Pub Date : 2002-02-01 DOI: 10.1055/s-2002-19949
M. Nosper
The classification of patients for phase B, C and D of neurological rehabilitation follows the suggestions of the Bundesarbeitsgemeinschaft fur Rehabilitation (BAR) based on defined clinical criteria and on neurological rehabilitation assessment. The focus of this study is to define the intervals of the complete FIM(tm)-index, intervals covered empirically as well as by evaluations of physicians, that permit utmost accuracy in assigning patients to phase B, C and D of neurological rehabilitation. Therefore, data records of 3686 patients from 4 neurological rehabilitation centres were evaluated. The patients' functional autonomy was classified by FIM(tm) on admission, in intervals of 14 days and at discharge, at the same time all patients in addition were assigned to phases B, C or D by the rehabilitation centre physicians. Statistical analysis of a total of 11,247 links of the phase classifications and FIM-indexes at 6 measurement points showed that correct correlation to phase B, C and D could be obtained on average in 79 to 89 % of the cases, based on the assumption that 18 - 36 points of the FIM-index assign to phase B, 37 - 90 points to phase C and 91 - 126 points to phase D. Discrimination between phases B and C could be obtained accurately in an average of 84 %, discrimination between phases C and D in an average of 89 %. Conformance of the FIM-intervals with TAR-based groups of care efforts compared to the evaluation by physicians indicate that the FIM(tm) represents the need for care with greater validity. If assignment to phases B, C and D would have been done on the basis of the FIM-index instead of evaluation by a physician, 8,9 % fewer patients would on admission have been classified for phase C but, instead, 4,5 % more patients for phase B and 4,4 % for phase D. In case of using the FIM-intervals for classification, 12,1 % more phase B patients could have changed to phases C or D. Of the phase C cases, 17,7 % could have been transferred to phase D before discharge. The number of phase D patients would have remained unchanged comparing admission and discharge. FIM-orientated classification for the phases of neurological rehabilitation offers considerable advantages: operationalized criteria, possibility of statistical evaluation, objectiveness, reliability, validity, reproducibility of the decisions, sensitivity to change, prognostic sensitivity, and suitability as an instrument for internal and external quality assurance.

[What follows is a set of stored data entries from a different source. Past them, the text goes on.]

(* Artin's argument, as in [gal_independent_contra]: subtracting [tau_i a]
   times the relation from the relation twisted by [a] kills the [i]-th
   term but not the [j]-th one, and induction on the support applies. *)
Lemma embeddings_independent_contra (P : pred 'I_n) (c : 'I_n -> F) i :
  P i -> c i != 0 -> exists a, \sum_(j | P j) c j * tau j a != 0.
Proof.
have [m] := ubnP #|P|; elim: m c i P => // m IHm c i P lePm Pi nz_ci.
rewrite ltnS (cardD1x Pi) in lePm; move/IHm: lePm => {m IHm}/= IH_P.
have [/eqfun_inP c_Pi'_0 | ] := boolP [forall (j | P j && (j != i)), c j == 0].
  exists 1; rewrite (bigD1 i Pi) /= rmorph1 mulr1.
  by rewrite big1 ?addr0 // => j /c_Pi'_0->; rewrite mul0r.
case/forall_inPn => j Pi'j nz_cj.
have /existsNP[a /eqP nz_jia] : ~ forall a, tau j a = tau i a.
  by move/tau_inj/eqP; apply/negP; case/andP: Pi'j.
pose d j := c j * (tau j a - tau i a).
have /IH_P[//|b nz_sumb] : d j != 0 by rewrite mulf_neq0 // subr_eq0.
have [sumb_0|] := eqVneq (\sum_(k | P k) c k * tau k b) 0; last by exists b.
exists (a * b).
rewrite -subr_eq0 -[z in _ - z](mulr0 (tau i a)) -[in z in _ - z]sumb_0.
rewrite mulr_sumr -sumrB (bigD1 i Pi) rmorphM /= mulrCA subrr add0r.
congr (_ != 0): nz_sumb; apply: eq_bigr => k _.
by rewrite mulrCA rmorphM -mulrBr -mulrBl mulrA.
Qed.

Lemma embeddings_independent (c : 'I_n -> F) :
  (forall a, \sum_j c j * tau j a = 0) -> forall i, c i = 0.
Proof.
move=> sum_c_0 i; apply/eqP/idPn => /(embeddings_independent_contra (erefl : predT i))[a].
by rewrite sum_c_0 eqxx.
Qed.

End Dedekind.

Section Trace.
Variables (K : fieldExtType rat) (F : numFieldType).
Local Notation d := (\dim {:K}).
Variable tau : 'I_d -> {rmorphism K -> F}.
Hypothesis tau_inj : forall i j, (forall a, tau i a = tau j a) -> i = j.
Local Notation e := (vbasis {:K}).

Lemma rmorph_coord (t : {rmorphism K -> F}) a :
  t a = \sum_j ratr (coord e j a) * t e`_j.
Proof.
rewrite {1}(coord_vbasis (memvf a)) rmorph_sum; apply: eq_bigr => j _.
rewrite -mulr_algl rmorphM; congr (_ * _).
exact: (fmorph_eq_rat (t \o in_alg K)).
Qed.

Definition embedding_mx : 'M[F]_d := \matrix_(i, j) tau j e`_i.

Lemma mxof_amulr_embedding x :
  map_mx ratr (passmx.mxof e e (amulr x)) *m embedding_mx =
  embedding_mx *m diag_mx (\row_j tau j x).
Proof.
apply/matrixP => i j; rewrite mul_mx_diag !mxE -rmorphM rmorph_coord.
apply: eq_bigr => k _.
by rewrite /embedding_mx /passmx.mxof !mxE /= passmx.vecof_delta !lfunE.
Qed.

Lemma embedding_mx_unit : embedding_mx \in unitmx.
Proof.
rewrite -unitmx_tr -row_free_unit; apply: inj_row_free => v vP0.
apply/rowP => i; rewrite mxE; apply: (embeddings_independent tau_inj) => a.
under eq_bigr do rewrite rmorph_coord mulr_sumr.
rewrite exchange_big big1 // => k _.
transitivity (ratr (coord e k a) * (v *m embedding_mx^T) 0 k).
  by rewrite mxE mulr_sumr; apply: eq_bigr => j _; rewrite !mxE mulrCA.
by rewrite vP0 mxE mulr0.
Qed.

Lemma trKQ_embeddings x : ratr (trKQ x) = \sum_i tau i x.
Proof.
rewrite /trKQ -(trace_map_mx ratr).
have -> : map_mx ratr (passmx.mxof e e (amulr x)) =
    embedding_mx *m diag_mx (\row_j tau j x) *m invmx embedding_mx.
  by rewrite -mxof_amulr_embedding mulmxK // embedding_mx_unit.
rewrite mxtrace_mulC mulmxA mulVmx ?embedding_mx_unit // mul1mx mxtrace_diag.
by apply: eq_bigr => j _; rewrite mxE.
Qed.

End Trace.

Section IntegerPlane.
Variables (R : realType) (n : nat).

Definition weighted_sum (w : 'I_n -> R) (x : 'rV[R]_n) : R^o := \sum_i w i * x 0 i.

Fact weighted_sum_is_linear w : linear (weighted_sum w).
Proof.
move=> c x y; rewrite /weighted_sum scaler_sumr -big_split.
by apply: eq_bigr => i _; rewrite !mxE mulrDr mulrCA.
Qed.

HB.instance Definition _ w :=
  GRing.isLinear.Build R 'rV[R]_n R^o _ (weighted_sum w) (weighted_sum_is_linear w).

Variable w : 'I_n -> R.
Local Notation f := (weighted_sum w).

Lemma level_gen_subgroup (S : 'rV[R]_n -> Prop) (k : R) x :
  (forall y, S y -> f y = k) -> gen_subgroup S x -> exists s : int, f x = k *~ s.
Proof.
move=> fS [m [c [y [Sy ->]]]]; exists (\sum_j c j).
by rewrite raddf_sum mulrz_sumr; apply: eq_bigr => j _; rewrite raddfMz /= fS.
Qed.
(* A base element b contains a ball B(y, t^M); once n > M, B(x, t^n) cannot
   contain b without being equal to B(x, t^M). *)
Lemma marks_bounded b : exists N, forall x n, marks b x n -> (n < N)%N.
Proof.
have [[x0 [n0 [bx0 _]]]|none] := pselect (exists x n, marks b x n); last first.
  by exists 0%N => x n bxn; case: none; exists x, n.
have [Bb [y by_] _] := inner_base_ball x0 n0; rewrite bx0 in Bb by_.
have [e [e_gt0 ye]] := hB.1 b Bb y by_.
have [M tM] := exprn_lt_eps vp_gt0 vp_lt1 e_gt0.
exists M.+1 => x n [bxn least]; rewrite ltnS leqNgt; apply/negP => lt_Mn.
have [_ _] := inner_base_ball x n; rewrite bxn => b_sub.
apply: (least M lt_Mn); apply/seteqP; split; last exact/uball_le/tpow_le/ltnW.
rewrite (uball_eq hu (lt_le_trans (b_sub y by_) (tpow_le (ltnW lt_Mn)))).
by move=> z yz; apply/b_sub/ye/(lt_trans yz).
Qed.

Definition level_bound b : nat :=
  xget 0%N (fun N => forall x n, marks b x n -> (n < N)%N).

Lemma level_boundP b x n : marks b x n -> (n < level_bound b)%N.
Proof. exact: (xgetPex 0%N (marks_bounded b)). Qed.

Definition mark_term b x n : L := if `[< marks b x n >] then p ^+ n else 0.

Definition coord x b : L := \sum_(n < level_bound b) mark_term b x n.

Lemma nabs_mark_term b x n : v (mark_term b x n) <= t ^+ n.
Proof. by rewrite /mark_term; case: ifP; rewrite ?(nabsX hv) ?(nabs0 hv). Qed.

Lemma nabs_mark_termB b x y n : v (mark_term b x n - mark_term b y n) <= t ^+ n.
Proof. by apply: (nabsB_le hv); apply: nabs_mark_term. Qed.

Lemma nabs_coord_le1 x b : v (coord x b) <= 1.
Proof.
apply: (nabs_sum_le hv) => // n _; apply: le_trans (nabs_mark_term _ _ _) _.
by rewrite exprn_ile1 ?ltW.
Qed.

Lemma nabs_coordB_le x y b N :
  rho x y < t ^+ N -> v (coord x b - coord y b) <= t ^+ N.+1.
Proof.
move=> xy; rewrite /coord -sumrB; apply: (nabs_sum_le hv) => // -[n _] _ /=.
have [le_nN|lt_Nn] := leqP n N.
  rewrite /mark_term (marks_close _ (lt_le_trans xy (tpow_le le_nN))).
  by rewrite subrr (nabs0 hv).
exact: le_trans (nabs_mark_termB _ _ _ _) (tpow_le lt_Nn).
Qed.
Theorem mainTheorem5 (l w : nat) (xs : 'I_w -> 'rV['F_2]_l) :
  (1 <= l)%N -> injective xs ->
  ((num_cycles (tanner_adj (dyadicD xs)) 4)%:R : rat)
    = (2 ^ l)%:R / 4 * (#|Rcset xs| + #|Rncset xs|)%:R
  /\ ((2 <= w)%N -> girth_is (tanner_adj (dyadicD xs)) 4).
Proof.
(* The counting argument works for every l. *)
move=> _ xs_inj; split.
  have := card_cycles4 (@tanner_adj_sym _ (dyadicD xs)).
  rewrite card_cycles4_tanner; last exact: dyadicD_sym.
  rewrite card_check_cycles4 // card_Rset mulnA => /(congr1 (fun n => n%:R : rat)).
  by rewrite !natrM => E; apply: (@mulIf _ 8%:R) => //; rewrite mulrC -E; field.
move=> w_ge2; split.
  pose u0 : 'I_w := Ordinal (ltnW w_ge2); pose u1 : 'I_w := Ordinal w_ge2.
  exists (square_walk xs 0 ((u0, u1), (u1, u0))).
  by rewrite -inE square_walk_cycle // mem_Rset // addrC.
move=> k k_lt4 p; apply/negP => p_cycle.
have := tanner_cycle_even p_cycle.
case: k k_lt4 p p_cycle => [|[|[|[|//]]]] // _ p.
by rewrite (negbTE (no_2cycle _ p)).
Qed.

神经康复B、C、D期患者的分类遵循德国康复协会(BAR)的建议,以明确的临床标准和神经康复评估为基础。本研究的重点是定义完整的FIM(tm)-指数的间隔,这些间隔涵盖了经验和医生的评估,以便最大限度地准确地将患者分配到神经康复的B、C和D阶段。因此,我们评估了来自4个神经康复中心的3686例患者的数据记录。采用FIM(tm)对患者在入院时、14天间隔和出院时的功能自主进行分类,同时由康复中心医师将所有患者分为B、C或D阶段。统计分析的11247链接阶段分类和FIM-indexes测量6点显示正确关联阶段B, C和D可以获得79年的平均89%的情况下,基于这样的假设——18 - 36分的FIM-index分配阶段B, 37 - 90分阶段C和D . 91 - 126分阶段阶段B和C之间的歧视可以准确地获得平均为84%,C阶段和D阶段的歧视平均为89%。与医生评估相比,FIM-间隔与基于tar的护理努力组的一致性表明,FIM(tm)代表了更高效度的护理需求。如果作业阶段B, C和D将已经完成的基础上FIM-index代替医生的评估,8日减少9%患者入院时已经分类阶段C,但相反,4,5%以上患者B阶段和4,4% D阶段使用FIM-intervals分类,12日1%的B阶段患者可以改变阶段C或D C阶段的情况下,17岁,7%放电之前可能已经转移到D阶段。D期患者的数量在入院和出院时保持不变。面向fim的神经康复阶段分类具有相当大的优势:可操作的标准,统计评估的可能性,客观性,可靠性,有效性,决策的可重复性,对变化的敏感性,预后敏感性以及作为内部和外部质量保证工具的适用性。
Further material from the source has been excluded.